> **Exercise**
Keep every line in which "Cphi" occurs and drop the rest of the data.

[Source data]
########################################
(* Fix $\theta\in\mathcal C$, $\lambda>0$, $\alpha\in(0,1]$, and $p\in[1,\infty]$. Then the BK metric space $(\mathcal X,\beta^{BK}_{\theta,\lambda,p,\alpha})$ is isometric to the $\ell^p$ wedge $\mathcal C\vee_p\mathcal Y$ of the pointed metric spaces $(\mathcal C,\beta,\theta)$ and $(\mathcal Y,d_{\mathrm{reg}},\ast)$, via the identification $J:\mathcal X\to \mathcal C\vee_p\mathcal Y$ that is the identity on $\mathcal C\subseteq\mathcal X$ and on $\mathcal X\setminus\mathcal C\subseteq\mathcal Y$. Equivalently, for all $\phi,\psi\in\mathcal X$: $\beta^{BK}_{\theta,\lambda,p,\alpha}(\phi,\psi)=\beta(\phi,\psi)$ if $\phi,\psi\in\mathcal C$; $=\lambda\,\delta_{\mathrm{reg}}(\phi,\psi)^\alpha$ if $\phi,\psi\notin\mathcal C$; $=\|(\beta(\phi,\theta),\lambda\rho(\psi)^\alpha)\|_{\ell^p}$ if $\phi\in\mathcal C$, $\psi\notin\mathcal C$; and $=\|(\beta(\psi,\theta),\lambda\rho(\phi)^\alpha)\|_{\ell^p}$ if $\psi\in\mathcal C$, $\phi\notin\mathcal C$.
   Context: Let $A$ be a unital $C^*$-algebra, $H$ a Hilbert space, $\mathcal X=\mathrm{CB}(A,B(H))$, $\mathcal C=\mathrm{CP}(A,B(H))$, $\beta$ the Bures distance on $\mathcal C$, $\delta_{\mathrm{reg}}$ the regular-representation metric on $\mathcal X$, and $\rho(\phi)=\delta_{\mathrm{reg}}(\phi,0)$. The BK metric is $\beta^{BK}_{\theta,\lambda,p,\alpha}(\phi,\psi)=\bigl\|\bigl(\|\kappa_\theta(\phi)-\kappa_\theta(\psi)\|_\infty,\ \lambda\,\widetilde\delta_{\mathrm{reg}}(\phi,\psi)^\alpha\bigr)\bigr\|_{\ell^p(\mathbb R^2)}$, with $\kappa_\theta(\phi)(\eta)=\beta(\phi,\eta)-\beta(\theta,\eta)$ ($\eta\in\mathcal C$) for $\phi\in\mathcal C$, $\kappa_\theta(\phi)=0$ for $\phi\notin\mathcal C$, and $\widetilde\delta_{\mathrm{reg}}$ equal to $0$ on $\mathcal C\times\mathcal C$, to $\rho$ of the non-CP point on mixed pairs, and to $\delta_{\mathrm{reg}}$ on non-CP pairs. $\mathcal Y=(\mathcal X\setminus\mathcal C)\sqcup\{\ast\}$ with metric $d_{\mathrm{reg}}(x,y)=\lambda\delta_{\mathrm{reg}}(x,y)^\alpha$ for $x,y\notin\mathcal C$, $d_{\mathrm{reg}}(x,\ast)=\lambda\rho(x)^\alpha$, $d_{\mathrm{reg}}(\ast,\ast)=0$. For pointed metric spaces $(M_1,d_1,m_0)$, $(M_2,d_2,n_0)$, the $\ell^p$ wedge $M_1\vee_pM_2$ is $M_1\sqcup M_2$ with $m_0\sim n_0$, metric $d_1$ on $M_1$, $d_2$ on $M_2$, and $\|(d_1(x,m_0),d_2(y,n_0))\|_{\ell^p}$ for $x\in M_1$, $y\in M_2$. *)

From HB Require Import structures.
From mathcomp Require Import all_boot all_order all_algebra.
From mathcomp Require Import all_classical all_reals all_analysis.
Set Implicit Arguments. Unset Strict Implicit. Unset Printing Implicit Defensive.
Import Order.TTheory GRing.Theory Num.Theory.
Local Open Scope classical_set_scope.
Local Open Scope ring_scope.

Section BK.
Variable R : realType.

Definition lp2 (p : \bar R) (a b : R) : R :=
  match p with
  | EFin q => powR (powR `|a| q + powR `|b| q) (q^-1)
  | _ => Num.max `|a| `|b|
  end.

Definition is_metric_on {T : Type} (A : set T) (d : T -> T -> R) : Prop :=
  forall x y z, A x -> A y -> A z ->
    [/\ 0 <= d x y, (d x y = 0 <-> x = y), d x y = d y x
      & d x z <= d x y + d y z].

Variable X : Type.
Variable C : set X.          (* the CP maps inside the CB maps *)
Variable beta : X -> X -> R.  (* Bures distance (meaningful on C) *)
Variable dreg : X -> X -> R.
Variable zero : X.

Definition rho (x : X) : R := dreg x zero.

Definition kappa (theta phi eta : X) : R :=
  if `[< C phi >] then beta phi eta - beta theta eta else 0.

Definition kappa_sup_dist (theta phi psi : X) : R :=
  sup [set `|kappa theta phi eta - kappa theta psi eta| | eta in C].

Definition dreg_tilde (phi psi : X) : R :=
  if `[< C phi >] then (if `[< C psi >] then 0 else rho psi)
  else (if `[< C psi >] then rho phi else dreg phi psi).

Definition BK (theta : X) (lam : R) (p : \bar R) (alpha : R) (phi psi : X) : R :=
  lp2 p (kappa_sup_dist theta phi psi) (lam * powR (dreg_tilde phi psi) alpha).

(* The space Y = (X \ C) ⊔ {*}, with * = None. *)
Definition Ytype := option {x : X | ~ C x}.

Definition d_regY (lam alpha : R) (y1 y2 : Ytype) : R :=
  match y1, y2 with
  | Some x, Some y => lam * powR (dreg (sval x) (sval y)) alpha
  | Some x, None => lam * powR (rho (sval x)) alpha
  | None, Some y => lam * powR (rho (sval y)) alpha
  | None, None => 0
  end.

Definition Ctype := {x : X | C x}.
Definition beta_C (x y : Ctype) : R := beta (sval x) (sval y).

End BK.

(* l^p wedge of pointed metric spaces (M1,d1,m0), (M2,d2,n0), realised on
   M1 + M2; the identification m0 ~ n0 is reflected by the wedge distance
   between inl m0 and inr n0 being 0. *)
Definition wedge_dist {R : realType} {M1 M2 : Type} (p : \bar R)
  (d1 : M1 -> M1 -> R) (m0 : M1) (d2 : M2 -> M2 -> R) (n0 : M2)
  (u v : M1 + M2) : R :=
  match u, v with
  | inl x, inl y => d1 x y
  | inr x, inr y => d2 x y
  | inl x, inr y => lp2 p (d1 x m0) (d2 y n0)
  | inr y, inl x => lp2 p (d1 x m0) (d2 y n0)
  end.

Definition Jmap {X : Type} (C : set X) (x : X) :
  {x : X | C x} + option {x : X | ~ C x} :=
  match pselect (C x) with
  | left h => inl (exist _ x h)
  | right h => inr (Some (exist _ x h))
  end.

From HB Require Import structures.
From mathcomp Require Import all_boot all_order all_algebra.
From mathcomp Require Import all_classical all_reals all_analysis.
From mathcomp Require Import lra.
Import Order.TTheory GRing.Theory Num.Theory.
Local Open Scope classical_set_scope.
Local Open Scope ring_scope.

(* For phi, psi in C the functions beta(phi, .) and beta(psi, .) are at sup
   distance exactly beta(phi, psi) on C: the triangle inequality bounds every
   |beta(phi, eta) - beta(psi, eta)|, and eta = psi attains the bound.  The
   shift by beta(theta, .) in kappa cancels between two points of C, and
   against kappa = 0 off C it leaves the sup distance beta(., theta).  The
   second coordinate vanishes on C x C and is lam rho^alpha on mixed pairs, so
   the l^p combination is the wedge distance through theta ~ *. *)

Lemma sup_max (R : realType) (S : set R) (M : R) :
  S M -> ubound S M -> sup S = M.
Proof.
move=> SM ubM; apply/eqP; rewrite eq_le ge_sup ?ub_le_sup //; by exists M.
Qed.

Lemma lp2_x0 (R : realType) (p : \bar R) (a : R) :
  p != 0%:E -> lp2 p a 0 = `|a|.
Proof.
case: p => [q q0| _ | _] /=; [|by rewrite normr0 max_l..].
have {}q0 : q != 0 by apply: contraNneq q0 => ->.
by rewrite normr0 powR0 // addr0 -powRrM mulfV ?powRr1.
Qed.

Lemma lp2_0x (R : realType) (p : \bar R) (b : R) :
  p != 0%:E -> lp2 p 0 b = `|b|.
Proof.
case: p => [q q0| _ | _] /=; [|by rewrite normr0 max_r..].
have {}q0 : q != 0 by apply: contraNneq q0 => ->.
by rewrite normr0 powR0 // add0r -powRrM mulfV ?powRr1.
Qed.

Section MetricOn.
Context {R : realType} {T : Type} {A : set T} {d : T -> T -> R}.
Hypothesis hd : is_metric_on A d.

Lemma metric_on_ge0 a b : A a -> A b -> 0 <= d a b.
Proof. by move=> Aa Ab; have [] := hd _ _ _ Aa Ab Ab. Qed.

Lemma metric_on_xx a : A a -> d a a = 0.
Proof. by move=> Aa; have [_ [_ ->]] := hd _ _ _ Aa Aa Aa. Qed.

Lemma metric_on_dist_sub a b c : A a -> A b -> A c ->
  `|d a c - d b c| <= d a b.
Proof.
move=> Aa Ab Ac.
have [_ _ _ tri_abc] := hd _ _ _ Aa Ab Ac.
have [_ _ _ tri_bac] := hd _ _ _ Ab Aa Ac.
have [_ _ dab_sym _] := hd _ _ _ Aa Ab Aa.
rewrite ler_norml; apply/andP; split; lra.
Qed.

Lemma sup_metric_on_dist_sub a b : A a -> A b ->
  sup [set `|d a c - d b c| | c in A] = d a b.
Proof.
move=> Aa Ab; apply: sup_max.
  by exists b => //; rewrite metric_on_xx // subr0 ger0_norm ?metric_on_ge0.
by move=> _ [c Ac <-]; apply: metric_on_dist_sub.
Qed.

End MetricOn.

Section KappaSupDist.
Context {R : realType} {X : Type} {C : set X} {beta : X -> X -> R}.
Hypothesis hbeta : is_metric_on C beta.
Variables (theta : X) (htheta : C theta).

Let sup_kappa_dist phi psi (f : X -> R) :
  (forall eta, C eta -> `|kappa C beta theta phi eta - kappa C beta theta psi eta| = f eta) ->
  kappa_sup_dist C beta theta phi psi = sup [set f eta | eta in C].
Proof. by move=> hf; rewrite /kappa_sup_dist (eq_imagel hf). Qed.

Lemma kappa_sup_dist_in_in phi psi : C phi -> C psi ->
  kappa_sup_dist C beta theta phi psi = beta phi psi.
Proof.
move=> Cphi Cpsi; rewrite -(sup_metric_on_dist_sub hbeta _ _ Cphi Cpsi).
apply: sup_kappa_dist => eta _; congr `|_|.
by rewrite /kappa !asboolT //; lra.
Qed.

Lemma kappa_sup_dist_in_out phi psi : C phi -> ~ C psi ->
  kappa_sup_dist C beta theta phi psi = beta phi theta.
Proof.
move=> Cphi Cpsi; rewrite -(sup_metric_on_dist_sub hbeta _ _ Cphi htheta).
by apply: sup_kappa_dist => eta _; rewrite /kappa asboolT // asboolF // subr0.
Qed.

Lemma kappa_sup_dist_out_in phi psi : ~ C phi -> C psi ->
  kappa_sup_dist C beta theta phi psi = beta psi theta.
Proof.
move=> Cphi Cpsi; rewrite -(sup_metric_on_dist_sub hbeta _ _ Cpsi htheta).
by apply: sup_kappa_dist => eta _; rewrite /kappa asboolF // asboolT // sub0r normrN.
Qed.

Lemma kappa_sup_dist_out_out phi psi : ~ C phi -> ~ C psi ->
  kappa_sup_dist C beta theta phi psi = 0.
Proof.
move=> Cphi Cpsi; rewrite /kappa_sup_dist /kappa !asboolF // subrr normr0.
by apply: sup_max => [|_ [eta _ <-]] //; exists theta.
Qed.

End KappaSupDist.

Theorem theorem5p5 (R : realType) (X : Type) (C : set X)
  (beta dreg : X -> X -> R) (zero : X)
  (hbeta : is_metric_on C beta) (hdreg : is_metric_on setT dreg)
  (hzero : C zero)
  (theta : X) (htheta : C theta)
  (lam : R) (hlam : 0 < lam)
  (alpha : R) (halpha : 0 < alpha <= 1)
  (p : \bar R) (hp : (1%:E <= p)%E) :
  forall phi psi : X,
    BK C beta dreg zero theta lam p alpha phi psi =
    wedge_dist p (@beta_C R X C beta) (exist _ theta htheta)
      (@d_regY R X C dreg zero lam alpha) None
      (Jmap C phi) (Jmap C psi).
Proof.
move=> phi psi.
have alpha0 : alpha != 0 by apply/eqP => alpha0; rewrite alpha0 in halpha; lra.
have p0 : p != 0%:E by apply: contraTneq hp => ->; rewrite lee_fin ler10.
rewrite /BK /Jmap /dreg_tilde /beta_C.
case: pselect => Cphi; case: pselect => Cpsi /=;
  rewrite ?(asboolT Cphi) ?(asboolT Cpsi) ?(asboolF Cphi) ?(asboolF Cpsi).
- rewrite kappa_sup_dist_in_in // powR0 // mulr0 lp2_x0 //.
  by rewrite ger0_norm // (metric_on_ge0 hbeta).
- by rewrite kappa_sup_dist_in_out.
- by rewrite kappa_sup_dist_out_in.
- rewrite kappa_sup_dist_out_out // lp2_0x // ger0_norm //.
  by rewrite mulr_ge0 ?powR_ge0 ?ltW.
Qed.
########################################
> **Response box**
move=> Cphi Cpsi; rewrite -(sup_metric_on_dist_sub hbeta _ _ Cphi Cpsi).
move=> Cphi Cpsi; rewrite -(sup_metric_on_dist_sub hbeta _ _ Cphi htheta).
move=> Cphi Cpsi; rewrite -(sup_metric_on_dist_sub hbeta _ _ Cpsi htheta).
move=> Cphi Cpsi; rewrite /kappa_sup_dist /kappa !asboolF // subrr normr0.
case: pselect => Cphi; case: pselect => Cpsi /=;
  rewrite ?(asboolT Cphi) ?(asboolT Cpsi) ?(asboolF Cphi) ?(asboolF Cpsi).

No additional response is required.